Они держались хорошо проторённых троп, следуя по трактам, ведущим к побережью и широко раскинувшемуся Восточному Прайму. Гарн обращал внимание Мартисы на разные интересные места. Выступ чёрной скалы, извергнувшейся из равнины зубчатыми вершинами, круг из стоячих камней с остатками свежего очага в центре, крутой зеленеющий склон Феррин Тора — священной земли, где более тысячи лет назад собрался древний Конклав и победил Скверну. Теперь холм превратился в мирное пастбище для овец, дремавших в утреннем зное. Мартиса подозревала, что никто, кроме священников, не помнит о великой битве, которая когда-то здесь развернулась.
Гарн указал на север и постучал себя по груди. Его голубые глаза потемнели от лёгкой тоски по дому.
— Ты вырос на севере?
Он кивнул.
«Интересно».
Гарн был дружелюбен с ней с того самого момента, как она пересекла ворота внутреннего двора, но она ничего не знала о его прошлом: есть ли у него семья, как он оказался в Нейте, даже, сколько ему лет.
— Ты далеко от дома, Гарн. Как давно ты служишь в Нейте?
Он перекинул поводья в одну руку и поднял свободную ладонь, показывая сначала пять пальцев, а потом три.
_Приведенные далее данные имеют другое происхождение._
Lemma Un_cv_subseq_mul {u : nat -> R} {l : R} (n : nat) :
  (1 <= n)%nat -> Un_cv u l -> Un_cv (fun m => u (n * S m)%nat) l.
Proof.
  move=> Hn Hu eps Heps; have [N HN] := Hu eps Heps.
  by exists N => m Hm; apply: HN; nia.
Qed.

Section Homogenization.
Context {G : groupType} {phi : G -> R} {K : R}.
Hypothesis phi_pow :
  forall (x : G) (n : nat), Rabs (phi (x ^+ n)%g - INR n * phi x) <= INR n * K.

Let avg (x : G) (n : nat) : R := phi (x ^+ n)%g / INR n.

Lemma pow_defect_ge0 : 0 <= K.
Proof. by have := phi_pow 1%g 1; rewrite expg1 Rmult_1_l Rminus_diag Rabs_R0 /= Rmult_1_l. Qed.

Lemma avg_mul_dist x n m : (1 <= n)%nat -> (1 <= m)%nat ->
  Rabs (avg x (n * m) - avg x n) <= K / INR n.
Proof.
  move=> Hn Hm.
  have Hn0 : 0 < INR n by apply: lt_0_INR; lia.
  have Hm0 : 0 < INR m by apply: lt_0_INR; lia.
  have -> : avg x (n * m) = phi (x ^+ n ^+ m)%g / (INR n * INR m).
  { by rewrite /avg expgnA mult_INR. }
  have -> : phi (x ^+ n ^+ m)%g / (INR n * INR m) - avg x n
          = (phi (x ^+ n ^+ m)%g - INR m * phi (x ^+ n)%g) / (INR n * INR m).
  { by rewrite /avg; field; lra. }
  apply: Rabs_div_le; first nra.
  by have -> : K / INR n * (INR n * INR m) = INR m * K by field; lra.
Qed.

Lemma avg_dist x n m : (1 <= n)%nat -> (1 <= m)%nat ->
  Rabs (avg x m - avg x n) <= K / INR n + K / INR m.
Proof.
  move=> Hn Hm.
  have Hnm := avg_mul_dist x n m Hn Hm; have Hmn := avg_mul_dist x m n Hm Hn.
  rewrite Nat.mul_comm in Hnm.
  have := Rabs_triang (avg x m - avg x (m * n)) (avg x (m * n) - avg x n).
  rewrite Rabs_minus_sym in Hmn.
  have -> : avg x m - avg x (m * n) + (avg x (m * n) - avg x n) = avg x m - avg x n
    by ring.
  lra.
Qed.

Lemma avg_Cauchy x : Cauchy_crit (avg x).
Proof.
  move=> eps Heps.
  have HK := pow_defect_ge0.
  have [N HN] := nat_archimedean _ (2 * K + 1) Heps.
  have HN0 : 0 < INR N by nra.
  have HN1 : (1 <= N)%nat by destruct N; [simpl in HN0; lra | lia].
  exists N => n m Hn Hm; rewrite /R_dist.
  have HKn p : (p >= N)%nat -> K / INR p <= K / INR N.
  { move=> Hp; apply: Rmult_le_compat_l => //.
    by apply: Rinv_le_contravar => //; apply: le_INR. }
  have := avg_dist x m n ltac:(lia) ltac:(lia).
  have := HKn n Hn; have := HKn m Hm.
  have : 2 * (K / INR N) < eps.
  { apply: (Rmult_lt_reg_r (INR N)) => //.
    have -> : 2 * (K / INR N) * INR N = 2 * K by field; lra.
    lra. }
  lra.
Qed.

Lemma homogenization_limit :
  exists psi : G -> R, forall x n, Rabs (INR n * psi x - phi (x ^+ n)%g) <= K.
Proof.
  exists (fun x => proj1_sig (R_complete _ (avg_Cauchy x))) => x n.
  case: (R_complete _ (avg_Cauchy x)) => l Hl /=.
  case: n => [|n].
  - have := phi_pow x 0; rewrite /= !Rmult_0_l Rminus_0_r Rminus_0_l Rabs_Ropp => H0.
    have := pow_defect_ge0; lra.
  - have Hn0 : 0 < INR (S n) by apply: lt_0_INR; lia.
    have Hl_n := Un_cv_bounded_dist (Un_cv_subseq_mul (S n) ltac:(lia) Hl)
      (fun m => avg_mul_dist x (S n) (S m) ltac:(lia) ltac:(lia)).
    have -> : INR (S n) * l - phi (x ^+ S n)%g = INR (S n) * (l - avg x (S n)).
    { by rewrite /avg; field; lra. }
    rewrite Rabs_mult (Rabs_pos_eq (INR (S n))); last lra.
    apply: (Rle_trans _ (INR (S n) * (K / INR (S n)))); first by apply: Rmult_le_compat_l; lra.
    by right; field; lra.
Qed.

End Homogenization.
Восемь лет. С точки зрения рабства, восемь — не такой уж большой срок. То, как два таких разных человека встретились и сумели ужиться в относительной гармонии, озадачивало её. Шилхара, часто молчаливый и недружелюбный, явно не из тех, кто ищет компании. Гарн, хотя и помогал магу и заботился о нём, никогда не проявлял подобострастия. Эти двое скорее вели себя как друзья и равные, чем как хозяин и слуга. Если бы Шилхара не храпел у них за спиной, она могла бы спросить, как Гарн поступил на службу в Нейт.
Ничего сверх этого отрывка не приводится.